There are three primary types of electricity plans in Illinois.
Just because you can choose a supplier doesn’t mean you have to — or even that you should.
„You could just stay with your local utility, and they would give you electric rates,” Haefke said. „You can go just with the electric provider that is in your neighborhood, for example ComEd in northern Illinois, and it will have the supply, transmission and distribution all bundled together. That’s the easiest option.”
While you’re locked in with your local utility and have to pay its distribution charges, you can tap the market for energy suppliers in the state to potentially save money. This will not only allow you to choose the price of your electricity, but the terms of the contract (ranging from three to 24 months) and the source of electricity, for example nuclear or hydropower.
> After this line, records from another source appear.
(* Put k = cot h, so that B' = k B, and Psi = B tan h = B / k.  Then
   Psi' = B (1 + (tan h)'), and (tan h)' = h' / cos^2 h tends to h'(1) = 0 at T = 1:
   near 1, Psi is an antiderivative of B up to a factor 1 + o(1).  Moreover tan h (T) <= eps (1 - T)
   and Psi (T) (1 - T) is nondecreasing, so 1/B(T) and 1/Psi(T) are O(1 - T).
   (i) Splitting the integral at a point s close to 1 gives
   |int_0^T B f| <= M s B(s) + 2 M Psi(T), and dividing by B(T) = Psi(T) / tan h(T)
   leaves O(1 - T).
   (ii) Differentiating under the integral sign, the derivative is
   -k(T) G + f(y, T) + G[d_y f] with T = y + A; the last term vanishes by (i), and
   -k(T) G + f(y, T) = (Psi(T) f(y, T) - int_0^T B f) / Psi(T), whose numerator is
   O(1) + o(Psi(T)) by continuity of f at (1 - A, 1), as in L'Hopital's rule. *)

From Stdlib Require Import Reals Lra Classical_Prop.
From Coquelicot Require Import Coquelicot.
Open Scope R_scope.

Local Notation RInt_C := (@RInt C_R_CompleteNormedModule).

Lemma scal_RtoC (r : R) (x : C) : scal r x = (RtoC r * x)%C.
Proof.
  destruct x as [a b].
  apply injective_projections; simpl; unfold scal; simpl; unfold mult; simpl; ring.
Qed.

Lemma Cmod_scal (r : R) (x : C) : Cmod (scal r x) = Rabs r * Cmod x.
Proof. now rewrite scal_RtoC, Cmod_mult, Cmod_R. Qed.

Lemma Cmod_sub_triangle (a b c : C) : Cmod (a - b)%C <= Cmod (a - c)%C + Cmod (b - c)%C.
Proof.
  replace (a - b)%C with ((a - c) - (b - c))%C by ring.
  rewrite <- (Cmod_opp (b - c)). apply Cmod_triangle.
Qed.

Lemma Rabs_fst_sub_le (a b : C) : Rabs (fst a - fst b) <= Cmod (a - b)%C.
Proof. apply (re_le_Cmod (a - b)%C). Qed.

Lemma Rabs_snd_sub_le (a b : C) : Rabs (snd a - snd b) <= Cmod (a - b)%C.
Proof. apply Rle_trans with (2 := Rmax_Cmod (a - b)%C), Rmax_r. Qed.

Lemma is_derive_fst_C (F : R -> C) x (l : C) :
  is_derive F x l -> is_derive (fun y => fst (F y)) x (fst l).
Proof.
  intros H. eapply filterdiff_ext_lin.
  - exact (filterdiff_comp _ fst _ fst H (filterdiff_linear _ is_linear_fst)).
  - reflexivity.
Qed.

Lemma is_derive_snd_C (F : R -> C) x (l : C) :
  is_derive F x l -> is_derive (fun y => snd (F y)) x (snd l).
Proof.
  intros H. eapply filterdiff_ext_lin.
  - exact (filterdiff_comp _ snd _ snd H (filterdiff_linear _ is_linear_snd)).
  - reflexivity.
Qed.

Lemma is_derive_C_pair (g1 g2 : R -> R) x d1 d2 :
  is_derive g1 x d1 -> is_derive g2 x d2 ->
  is_derive (fun y => (g1 y, g2 y) : C) x (d1, d2).
Proof.
  intros H1 H2.
  replace (d1, d2) with (plus (scal d1 ((1, 0) : C)) (scal d2 ((0, 1) : C))).
  - apply (is_derive_ext (fun y => plus (scal (g1 y) ((1, 0) : C)) (scal (g2 y) ((0, 1) : C)))).
    + intros t. apply injective_projections; cbn; ring.
    + apply (@is_derive_plus _ C_R_NormedModule); apply (@is_derive_scal_l _ C_R_NormedModule); assumption.
  - apply injective_projections; cbn; ring.
Qed.

Lemma filterlim_at_left_C (g : R -> C) (a : R) :
  (forall eps, 0 < eps -> exists b, b < a /\ forall y, b <= y < a -> Cmod (g y) < eps) ->
  filterlim g (at_left a) (locally (RtoC 0)).
Proof.
  intros H. apply (filterlim_norm_zero (V := C_R_NormedModule)).
  apply (filterlim_ext (fun y => Cmod (g y))); [intros y; apply Cmod_norm|].
  apply (filterlim_locally (F := at_left a)). intros eps.
  destruct (H eps (cond_pos eps)) as [b [Hba Hb]].
  assert (Hd : 0 < a - b) by lra.
  exists (mkposreal _ Hd). intros y Hy Hya.
  change (Rabs (y - a) < a - b) in Hy. apply Rabs_lt_between in Hy.
  change (Rabs (Cmod (g y) - 0) < eps).
  rewrite Rminus_0_r, Rabs_pos_eq by apply Cmod_ge_0.
  apply Hb. lra.
Qed.

Lemma Lub_Rbar_full (E : R -> Prop) : (forall x, E x) -> Lub_Rbar E = p_infty.
Proof.
  intros HE. apply is_lub_Rbar_unique. split.
  - intros x _. exact I.
  - intros [l| |] Hl; simpl; auto.
    + specialize (Hl (l + 1) (HE _)). simpl in Hl. lra.
    + exact (Hl 0 (HE 0)).
Qed.

(* [RInt] is [iota] of a filter that is trivial when there is no integral, and the
   limit of the trivial filter on [C] computes to [0]. *)
Lemma RInt_C_not_ex (g : R -> C) a b : ~ ex_RInt g a b -> RInt_C g a b = RtoC 0.
Proof.
  intros Hg.
  unfold RInt, iota, lim. simpl. unfold C_complete_lim, R_complete_lim.
  rewrite !Lub_Rbar_full; [reflexivity| |]; intros x l Hl; exfalso; exact (Hg (ex_intro _ l Hl)).
Qed.

Lemma RInt_C_pair (g : R -> C) a b : ex_RInt g a b ->
  RInt_C g a b = (RInt (fun t => fst (g t)) a b, RInt (fun t => snd (g t)) a b).
Proof.
  intros [l Hl]. rewrite (@is_RInt_unique C_R_CompleteNormedModule _ _ _ _ Hl). symmetry.
  apply (RInt_fct_extend_pair _ _ (@is_RInt_unique _) (@is_RInt_unique _) g a b l Hl).
Qed.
Like the second option above, you’ll still be locked into your local utility and pay its network fees. But if you track how much energy you use at certain points of the day, it may make sense to take advantage of the real-time market. Electricity becomes more expensive during peak times — say, in the mornings before people leave for work and when they return home — than at nighttime when people are asleep. 
„We have a lot of nuclear generation in northern Illinois. Those nuclear plants cannot be turned down, so electricity becomes really inexpensive in the evenings,” Haefke said. „Those who may want to take advantage of that hourly electric pricing model are people who work outside of their homes and don’t consume much electricity during the day, but they are home in the evenings.”
If you’d like to choose your energy supplier and potentially save money on your energy bills, it will take just a bit of work. Illinois has a website with information on switching as well as a marketplace of suppliers that service different utility customers. The Citizens Utility Board has resources that help people with their energy bills.
„It comes down to the homeowner doing their homework and how far out they want to lock their pricing,” Haefke said. „If you go for the short term, three months, six months, then you have to go shopping again. I don’t want to be shopping every three months, I would rather stick with something a little more long term that is reasonable. Then I only shop maybe once or twice a year or once every other year.”
There’s also the question of whether to go with a fixed or variable rate. „Fixed rates are easier to manage because it doesn’t matter when you use your electricity,” Haefke said. „But if you are a savvy energy user, are willing to change some of your behaviors and/or you are not home during the peak periods of the day, the variable rate could be an advantage.”
There are a few important considerations when choosing an electric plan. Most important is the rate — the price per kilowatt-hour that an electric supplier charges. But there are other nuances to consider. Some suppliers may offer a great rate for the first month then raise it or switch to a variable. They may charge additional monthly fees on top of the rate. Suppliers may also lock you into a term that ranges from a few months to two years. Look out for any gimmicks or hidden fees (like for low usage) and seek out customer reviews or testimonials. As mentioned above, the Citizens Utility Board has resources and can help with energy bills.
Switching your energy supplier is relatively easy. With your utility account number and proof of residence, you can engage a supplier online or on the phone, and it should handle the rest. Just note any early termination terms. As of 2020, Illinois’ HEAT Act has banned exit fees from suppliers.
The cheapest rates will depend on who your utility is and when you’re shopping for an energy supplier, as rates regularly change. You can check Illinois’ energy marketplace website for up-to-date rates.
The best energy plan is the one you feel most comfortable with, whether it’s with your utility, an alternative energy supplier or the real-time marketplace. Choose the plan that offers you the best rate and little to no headaches.